Currently, the following examples are included in this repo:
This transform will populate top-level columns with Kafka topic, Kafka partition number and Kafka offset metadata, assuming that schematization is enabled in the Kafka Connector.
This duplicates Kafka metadata which is already persisted in the RECORD_METADATA variant, but may be useful to enable more efficient monitoring and query pruning in certain scenarios.
Please use the following config to enable this transform. The column names are customizable based on your requirements.
"transforms.addKafkaMetadataColumns.type": "com.snowflake.examples.kafka.smt.AddKafkaMetadataColumns",
"transforms.addKafkaMetadataColumns.columnNameKafkaTopic": "custom$kafka_topic",
"transforms.addKafkaMetadataColumns.columnNameKafkaPartition": "custom$kafka_partition",
"transforms.addKafkaMetadataColumns.columnNameKafkaOffset": "custom$kafka_offset",
Please Note: These columns will be created automatically when schematization is enabled.
This transform will add the system time (in millis) of the Kafka Connect worker to the Kafka message headers. This timestamp will then be present in the RECORD_METADATA variant column in Snowflake.
This transform will reshape JSON messages for a fictitious vehicle event stream use case. It will check for several
required fields, which will be kept in the top level of each record, and then all remaining fields will be nested in a
variant column called PAYLOAD
.
This pattern could be useful if you are ingesting multiple event types into the same table, but you only want partial schematization.

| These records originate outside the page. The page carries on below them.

(* Let $(X,\|\cdot\|)$ be a normed space and $X_1\subset X_2\subset\cdots$ an increasing sequence of linear subspaces with $\bigcup_n X_n$ dense in $X$. Suppose each $X_n$ carries a norm $\|\cdot\|_n$ and $\rho_n\in R(S_{(X_n,\|\cdot\|_n)})$. Assume $\lim_{n\to\infty}\sup_{x\in X_n\cap S_X}|1-\|x\|_n|=0$. Then every accumulation point $\rho$ of $(\rho_n)$ belongs to $R(S_X)$.
   Context: For a normed space $(Z,\|\cdot\|_Z)$ with unit sphere $S_Z$, $R(S_Z):=\bigcap_{m\in\mathbb{N}}\bigcap_{w_1,\dots,w_m\in S_Z}\overline{\mathrm{conv}}\{\frac1m\sum_{j=1}^m\|x-w_j\|_Z:x\in S_Z\}$ (closed convex hulls in $\mathbb{R}$); $S_X$ is the unit sphere of $(X,\|\cdot\|)$ and $S_{(X_n,\|\cdot\|_n)}$ the unit sphere of $X_n$ for $\|\cdot\|_n$. *)

From HB Require Import structures.
From mathcomp Require Import all_boot all_order all_algebra.
From mathcomp Require Import all_classical all_reals all_analysis.
Set Implicit Arguments. Unset Strict Implicit. Unset Printing Implicit Defensive.
Import Order.TTheory GRing.Theory Num.Theory.
Import numFieldNormedType.Exports.
Local Open Scope classical_set_scope.
Local Open Scope ring_scope.

Definition convex_set_R (R : realType) (C : set R) : Prop :=
  forall a b t : R, C a -> C b -> 0 <= t -> t <= 1 -> C (t * a + (1 - t) * b).

Definition closed_conv_hull (R : realType) (A : set R) : set R :=
  \bigcap_(C in [set C : set R | convex_set_R C /\ closed C /\ A `<=` C]) C.

(* R(S) for a sphere S of a normed space with distance d(x,w) = ||x - w||:
   intersection over m >= 1 (written m.+1) and w_1..w_m in S of the closed
   convex hull of { (1/m) sum_j d(x, w_j) : x in S }. *)
Definition rendezvous_set (R : realType) (T : Type) (S : set T)
    (d : T -> T -> R) : set R :=
  \bigcap_(m in [set: nat])
    \bigcap_(w in [set w : 'I_m.+1 -> T | forall j, S (w j)])
      closed_conv_hull
        [set (m.+1%:R)^-1 * \sum_(j < m.+1) d x (w j) | x in S].

Definition lin_subspace (R : realType) (X : normedModType R) (V : set X) : Prop :=
  V 0 /\ (forall x y, V x -> V y -> V (x + y)) /\
  (forall (a : R) x, V x -> V (a *: x)).

Definition norm_on (R : realType) (X : normedModType R) (V : set X)
    (N : X -> R) : Prop :=
  (forall x, V x -> 0 <= N x) /\
  (forall x, V x -> N x = 0 -> x = 0) /\
  (forall (a : R) x, V x -> N (a *: x) = `|a| * N x) /\
  (forall x y, V x -> V y -> N (x + y) <= N x + N y).

Definition sphere_on (R : realType) (X : normedModType R) (V : set X)
    (N : X -> R) : set X := [set x | V x /\ N x = 1].

Definition R_sub (R : realType) (X : normedModType R) (V : set X)
    (N : X -> R) : set R :=
  rendezvous_set (sphere_on V N) (fun x w => N (x - w)).

Definition R_X (R : realType) (X : normedModType R) : set R :=
  rendezvous_set [set x : X | `|x| = 1] (fun x w => `|x - w|).

(* Fix w_1, ..., w_m on S_X and let f(x) be the mean of the ||x - w_j||.  By
   density and the uniform closeness of ||.||_n to ||.|| on X_n, for large n
   the w_j have close neighbours v_j on S_{X_n}, and every mean of the
   ||y - v_j||_n over y in S_{X_n} is close to the value of f at y/||y||.
   Since rho_n lies in the closed convex hull of these means, the accumulation
   point r lies below every upper bound and above every lower bound of f(S_X),
   which on the real line means that r is in the closed convex hull of f(S_X). *)

From HB Require Import structures.
From mathcomp Require Import all_boot all_order all_algebra.
From mathcomp Require Import all_classical all_reals all_analysis.
From mathcomp Require Import ring lra.
Import Order.TTheory GRing.Theory Num.Theory.
Import numFieldNormedType.Exports.
Local Open Scope classical_set_scope.
Local Open Scope ring_scope.
Set Implicit Arguments. Unset Strict Implicit. Unset Printing Implicit Defensive.

Section RealHulls.
Variable R : realType.
Implicit Types (A B C : set R) (r s t : R).

Lemma convex_set_R_between C a b r :
  convex_set_R C -> C a -> C b -> a <= r <= b -> C r.
Proof.
move=> Cconv Ca Cb /andP[ar rb].
have [eq_ab|neq_ab] := eqVneq a b.
  by move: rb; rewrite -eq_ab => ra; have -> : r = a by apply/le_anti/andP.
have ba_gt0 : 0 < b - a by rewrite subr_gt0 lt_neqAle neq_ab (le_trans ar).
have -> : r = (r - a) / (b - a) * b + (1 - (r - a) / (b - a)) * a.
  by field; rewrite gt_eqF.
apply: Cconv => //; first by apply: divr_ge0; lra.
by rewrite ler_pdivrMr // mul1r; lra.
Qed.

Lemma closed_conv_hull_ubound A s t :
  ubound A s -> closed_conv_hull A t -> t <= s.
Proof.
move=> As /(_ [set x | x <= s]); apply; split; last by split; [exact: closed_le|].
by move=> a b u /= ? ? ? ?; nra.
Qed.

Lemma closed_conv_hull_lbound A s t :
  lbound A s -> closed_conv_hull A t -> s <= t.
Proof.
move=> As /(_ [set x | s <= x]); apply; split; last by split; [exact: closed_ge|].
by move=> a b u /= ? ? ? ?; nra.
Qed.

Lemma closed_conv_hull_between A r :
  (forall s, ubound A s -> r <= s) -> (forall s, lbound A s -> s <= r) ->
  closed_conv_hull A r.
Proof.
move=> r_le r_ge C [Cconv [Ccl AC]]; apply: Ccl => B /nbhs_ballP[e /= e_gt0 eB].
have ballE x : `|r - x| < e -> B x by move=> ?; apply: eB; rewrite -ball_normE.
have [a Aa lt_a] : exists2 a, A a & r - e < a.
  apply: contrapT => noa; suff : r <= r - e by lra.
  by apply: r_le => a Aa; rewrite leNgt; apply: contra_notN noa => ?; exists a.
have [b Ab lt_b] : exists2 b, A b & b < r + e.
  apply: contrapT => nob; suff : r + e <= r by lra.
  by apply: r_ge => b Ab; rewrite leNgt; apply: contra_notN nob => ?; exists b.
have [le_ar|lt_ra] := lerP a r.
  by exists a; split; [exact: AC | apply: ballE; rewrite ger0_norm; lra].
have [le_rb|lt_br] := lerP r b.
  by exists b; split; [exact: AC | apply: ballE; rewrite ler0_norm; lra].
exists r; split; last by apply: ballE; rewrite subrr normr0.
by apply: (convex_set_R_between Cconv (AC b Ab) (AC a Aa)); rewrite (ltW lt_br) (ltW lt_ra).
Qed.

Lemma closed_conv_hull_of_near_hulls A r :
  (forall d, 0 < d -> exists B t, [/\ closed_conv_hull B t, `|t - r| < d &
     forall b, B b -> exists2 a, A a & `|b - a| <= d]) ->
  closed_conv_hull A r.
Proof.
move=> near; apply: closed_conv_hull_between => s As; apply/ler_addgt0Pr => e e_gt0;
  have /near[B [t [Bt rt BA]]] : 0 < e / 2 by lra.
- suff : t <= s + e / 2 by move: rt; rewrite ltr_norml; lra.
  apply: closed_conv_hull_ubound Bt => b /BA[a /As le_as].
  by rewrite ler_norml; lra.
- suff : s - e / 2 <= t by move: rt; rewrite ltr_norml; lra.
  apply: closed_conv_hull_lbound Bt => b /BA[a /As le_sa].
  by rewrite ler_norml; lra.
Qed.

End RealHulls.

Lemma normr_sub_normalize (R : numFieldType) (X : normedModType R) (y : X) :
  y != 0 -> `|y - `|y|^-1 *: y| = `| `|y| - 1|.
Proof.
move=> y_neq0; rewrite -{1}[y]scale1r -scalerBl normrZ.
rewrite -[k in _ * k](ger0_norm (normr_ge0 y)) -normrM mulrBl mul1r.
by rewrite mulVf ?normr_eq0 // distrC.
Qed.

Section NearlyUnitNorm.
Variables (R : realType) (X : normedModType R) (V : set X) (N : X -> R).
Hypotheses (linV : lin_subspace V) (normN : norm_on V N).

Lemma norm_on0 : N 0 = 0.
Proof.
case: linV => V0 _; case: normN => _ [_ [homN _]].
by have := homN 0 0 V0; rewrite scale0r normr0 mul0r.
Qed.

Variable e : R.
Hypothesis N_near_unit : forall x, V x -> `|x| = 1 -> `|1 - N x| <= e.

Lemma norm_on_near z : V z -> `|N z - `|z| | <= e * `|z|.
Proof.
move=> Vz; have [->|z_neq0] := eqVneq z 0.
  by rewrite norm_on0 normr0 subrr normr0 mulr0.
case: linV => _ [_ scaleV]; case: normN => _ [_ [homN _]].
have z_gt0 : 0 < `|z| by rewrite normr_gt0.
set x := `|z|^-1 *: z.
have x_unit : `|x| = 1 by rewrite normrZ ger0_norm ?invr_ge0 ?ltW ?mulVf ?gt_eqF.
have -> : N z = `|z| * N x.
  by rewrite homN // ger0_norm ?invr_ge0 ?ltW // mulrA mulfV ?gt_eqF ?mul1r.
rewrite -{2}[`|z|]mulr1 -mulrBr normrM (ger0_norm (ltW z_gt0)) mulrC ler_pM2r //.
rewrite distrC; apply: N_near_unit; [exact: scaleV | exact: x_unit].
Qed.

Hypotheses (e_ge0 : 0 <= e) (e_le_half : e <= 1 / 2).

Lemma sphere_on_norm_le2 z : sphere_on V N z -> `|z| <= 2.
Proof.
move=> [Vz Nz]; have := norm_on_near Vz; rewrite Nz ler_norml => /andP[z_le _].
have : e * `|z| <= 1 / 2 * `|z| by rewrite ler_wpM2r.
lra.
Qed.

Lemma sphere_on_norm z : sphere_on V N z -> `| `|z| - 1| <= 2 * e.
Proof.
move=> Sz; have := norm_on_near Sz.1; rewrite Sz.2 distrC => /le_trans; apply.
by rewrite [2 * e]mulrC ler_wpM2l // sphere_on_norm_le2.
Qed.

Lemma sphere_on_near_unit y :
  sphere_on V N y -> exists2 x : X, `|x| = 1 & `|y - x| <= 2 * e.
Proof.
move=> Sy; have y_neq0 : y != 0.
  by apply/eqP => y0; case: Sy => _ /eqP; rewrite y0 norm_on0 eq_sym oner_eq0.
exists (`|y|^-1 *: y); last by rewrite normr_sub_normalize // sphere_on_norm.
by rewrite normrZ ger0_norm ?invr_ge0 // mulVf // normr_eq0.
Qed.

Lemma near_sphere_on u w (dd : R) : V u -> `|w| = 1 -> `|w - u| <= dd ->
  dd <= 1 / 2 -> exists2 v, sphere_on V N v & `|v - w| <= 3 * e + 3 * dd.
Proof.
move=> Vu w_unit wu_le dd_le; case: linV => _ [_ scaleV].
case: normN => _ [_ [homN _]].
have u_near : `| `|u| - 1| <= dd.
  by rewrite -w_unit distrC (le_trans (ler_dist_dist _ _)).
have Nu_near := norm_on_near Vu.
have /andP[u_ge u_le] : 1 / 2 <= `|u| <= 3 / 2.
  by move: u_near; rewrite ler_norml => /andP[? ?]; apply/andP; split; lra.
have eu_le : e * `|u| <= 3 / 2 * e by rewrite mulrC ler_wpM2r.
have u_le_2Nu : `|u| <= 2 * N u.
  have : e * `|u| <= 1 / 2 * `|u| by rewrite ler_wpM2r.
  by move: Nu_near; rewrite ler_norml => /andP[? _]; lra.
have Nu_gt0 : 0 < N u by lra.
have one_Nu : `|1 - N u| <= dd + e * `|u|.
  apply: le_trans (ler_distD `|u| _ _) _.
  by rewrite (distrC 1) (distrC `|u|) lerD.
exists ((N u)^-1 *: u).
  split; first exact: scaleV.
  by rewrite homN // ger0_norm ?invr_ge0 ?(ltW Nu_gt0) // mulVf ?gt_eqF.
have vu_le : `|(N u)^-1 *: u - u| <= 3 * e + 2 * dd.
  have -> : (N u)^-1 *: u - u = ((1 - N u) / N u) *: u.
    by rewrite mulrBl mul1r mulfV ?gt_eqF // scalerBl scale1r.
  rewrite normrZ normrM normfV (gtr0_norm Nu_gt0) mulrAC ler_pdivrMr //.
  apply: le_trans (_ : (dd + e * `|u|) * (2 * N u) <= _).
    by apply: ler_pM => //; apply: normr_ge0.
  by rewrite mulrA; apply: ler_wpM2r; [exact: ltW | lra].
apply: le_trans (ler_distD u _ _) _; rewrite (distrC u); lra.
Qed.

Lemma sphere_on_dist_near y v x w : sphere_on V N y -> sphere_on V N v ->
  `|N (y - v) - `|x - w| | <= 4 * e + `|y - x| + `|v - w|.
Proof.
move=> Sy Sv; have Vyv : V (y - v).
  case: linV => _ [addV scaleV]; rewrite -scaleN1r.
  by apply: addV; [exact: Sy.1 | apply: scaleV; exact: Sv.1].
have yv_le : `|y - v| <= 4.
  apply: le_trans (ler_normB _ _) _.
  have := lerD (sphere_on_norm_le2 Sy) (sphere_on_norm_le2 Sv); lra.
have Nyv := norm_on_near Vyv.
have eyv_le : e * `|y - v| <= e * 4 := ler_wpM2l e_ge0 yv_le.
have yv_xw : `| `|y - v| - `|x - w| | <= `|y - x| + `|v - w|.
  apply: le_trans (ler_dist_dist _ _) _.
  have -> : y - v - (x - w) = (y - x) - (v - w).
    by rewrite !opprB addrACA [RHS]addrACA [- v + _]addrC.
  exact: ler_normB.
apply: le_trans (ler_distD `|y - v| _ _) _; lra.
Qed.

End NearlyUnitNorm.

Lemma ler_dist_mean (R : numFieldType) m (a b : 'I_m.+1 -> R) (D : R) :
  (forall j, `|a j - b j| <= D) ->
  `|m.+1%:R^-1 * \sum_j a j - m.+1%:R^-1 * \sum_j b j| <= D.
Proof.
move=> abD; rewrite -mulrBr -sumrB normrM ger0_norm ?invr_ge0 //.
rewrite ler_pdivrMl ?ltr0Sn //.
apply: le_trans (ler_norm_sum _ _ _) _.
apply: le_trans (ler_sum _ (fun j _ => abD j)) _.
by rewrite sumr_const card_ord mulr_natl.
Qed.

Lemma eventually_near_subspaces (R : numFieldType) (X : normedModType R)
    (Xn : nat -> set X) :
  (forall n, Xn n `<=` Xn n.+1) -> closure (\bigcup_n Xn n) = setT ->
  forall k (w : 'I_k -> X) (dd : R), 0 < dd ->
  exists N, forall n, (N <= n)%N -> forall j, exists2 u, Xn n u & `|w j - u| < dd.
Proof.
move=> Xn_incr Xn_dense k w dd dd_gt0.
have near j : exists p : nat * X, Xn p.1 p.2 /\ `|w j - p.2| < dd.
  have : closure (\bigcup_n Xn n) (w j) by rewrite Xn_dense.
  move=> /(_ (ball (w j) dd) (nbhsx_ballx _ _ dd_gt0)) [u [[n _ Xnu] wu]].
  by exists (n, u); split; last by move: wu; rewrite -ball_normE.
have [p pP] := boolp.choice near.
have Xn_mono := @homo_leq _ Xn (@subset X) (@subset_refl X)
  (fun _ _ _ AB BC => subset_trans AB BC) Xn_incr.
exists (\max_j (p j).1) => n le_n j; exists (p j).2; last exact: (pP j).2.
by apply: Xn_mono (pP j).1; apply: leq_trans le_n; apply: leq_bigmax.
Qed.

Section SphereMeans.
Variables (R : realType) (X : normedModType R).
Variables (Xn : nat -> set X) (Nn : nat -> X -> R).
Hypotheses (linXn : forall n, lin_subspace (Xn n))
  (Xn_incr : forall n, Xn n `<=` Xn n.+1)
  (Xn_dense : closure (\bigcup_n Xn n) = setT)
  (normNn : forall n, norm_on (Xn n) (Nn n)).
Hypothesis Nn_near_unit : forall e : R, 0 < e -> exists N : nat,
  forall n, (N <= n)%N -> forall x, Xn n x -> `|x| = 1 -> `|1 - Nn n x| <= e.
Variables (m : nat) (w : 'I_m.+1 -> X).
Hypothesis w_unit : forall j, `|w j| = 1.

Lemma sphere_means_near d : 0 < d -> exists N, forall n, (N <= n)%N ->
  exists2 v : 'I_m.+1 -> X, (forall j, sphere_on (Xn n) (Nn n) (v j)) &
  forall y, sphere_on (Xn n) (Nn n) y -> exists2 x : X, `|x| = 1 &
    `|m.+1%:R^-1 * \sum_j Nn n (y - v j) - m.+1%:R^-1 * \sum_j `|x - w j| | <= d.
Proof.
(* Each term of the mean is off by at most 4e + 2e + 6e (sphere_on_dist_near). *)
move=> d_gt0; pose e := Num.min (1 / 2) (d / 12).
have e_gt0 : 0 < e by rewrite lt_min; apply/andP; split; lra.
have /andP[e_le_half e_le_d] : (e <= 1 / 2) && (e <= d / 12) by rewrite -le_min.
have [N1 N1P] := Nn_near_unit e_gt0.
have [N2 N2P] := eventually_near_subspaces Xn_incr Xn_dense w e_gt0.
exists (maxn N1 N2) => n; rewrite geq_max => /andP[le_N1n le_N2n].
have near_unit := N1P n le_N1n.
have [linV normN] := (linXn n, normNn n).
have near_w j : exists v, sphere_on (Xn n) (Nn n) v /\ `|v - w j| <= 6 * e.
  have [u Xu wu] := N2P n le_N2n j.
  have [v Sv vw] := near_sphere_on linV normN near_unit (ltW e_gt0) e_le_half
    Xu (w_unit j) (ltW wu) e_le_half.
  by exists v; split; last lra.
have [v vP] := boolp.choice near_w.
exists v => [j|y Sy]; first exact: (vP j).1.
have [x x_unit yx] := sphere_on_near_unit linV normN near_unit (ltW e_gt0) e_le_half Sy.
exists x => //; apply: ler_dist_mean => j; have [Sv vw] := vP j.
apply: le_trans (sphere_on_dist_near linV normN near_unit (ltW e_gt0) e_le_half _ _ Sy Sv) _.
lra.
Qed.

Variables (rho : nat -> R) (r : R).
Hypothesis rho_R_sub : forall n, R_sub (Xn n) (Nn n) (rho n).
Hypothesis r_cluster : forall e : R, 0 < e -> forall N : nat,
  exists2 n, (N <= n)%N & `|rho n - r| < e.

Lemma cluster_in_closed_conv_hull :
  closed_conv_hull [set m.+1%:R^-1 * \sum_j `|x - w j| | x in [set x : X | `|x| = 1]] r.
Proof.
apply: closed_conv_hull_of_near_hulls => d d_gt0.
have [N NP] := sphere_means_near d_gt0.
have [n le_Nn rho_r] := r_cluster d_gt0 N.
have [v Sv v_near] := NP n le_Nn.
exists [set m.+1%:R^-1 * \sum_j Nn n (y - v j) | y in sphere_on (Xn n) (Nn n)].
exists (rho n); split => //; first exact: rho_R_sub n m I v Sv.
move=> _ [y Sy <-]; have [x x_unit xy] := v_near y Sy.
by exists (m.+1%:R^-1 * \sum_j `|x - w j|) => //; exists x.
Qed.

End SphereMeans.

Theorem theorem4p5 (R : realType) (X : normedModType R)
    (Xn : nat -> set X) (Nn : nat -> X -> R) (rho : nat -> R) (r : R) :
  (forall n, lin_subspace (Xn n)) ->
  (forall n, Xn n `<=` Xn n.+1) ->
  closure (\bigcup_n Xn n) = setT ->
  (forall n, norm_on (Xn n) (Nn n)) ->
  (forall n, R_sub (Xn n) (Nn n) (rho n)) ->
  (forall e : R, 0 < e -> exists N : nat, forall n, (N <= n)%N ->
     forall x, Xn n x -> `|x| = 1 -> `|1 - Nn n x| <= e) ->
  (forall e : R, 0 < e -> forall N : nat, exists2 n, (N <= n)%N & `|rho n - r| < e) ->
  R_X X r.
Proof.
move=> linXn Xn_incr Xn_dense normNn rho_R_sub Nn_near_unit r_cluster m _ w w_unit.
exact: (cluster_in_closed_conv_hull linXn Xn_incr Xn_dense normNn Nn_near_unit
  w_unit rho_R_sub r_cluster).
Qed.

Please Note: You will notice that ReshapeVehicleEvent throws a DataException
in the case of a validation error.
When this occurs, you will need to either configure a dead letter queue to accept error records, or this exception could
cause the Kafka Connect task to fail and stop. Either of these may be the desired case if you want to avoid data loss.
This code assumes Java 8 or higher. The current build target is Java 8, although this can be changed.
These examples are packaged in a Maven project, so you will need Maven to load dependencies, and then compile and package the code.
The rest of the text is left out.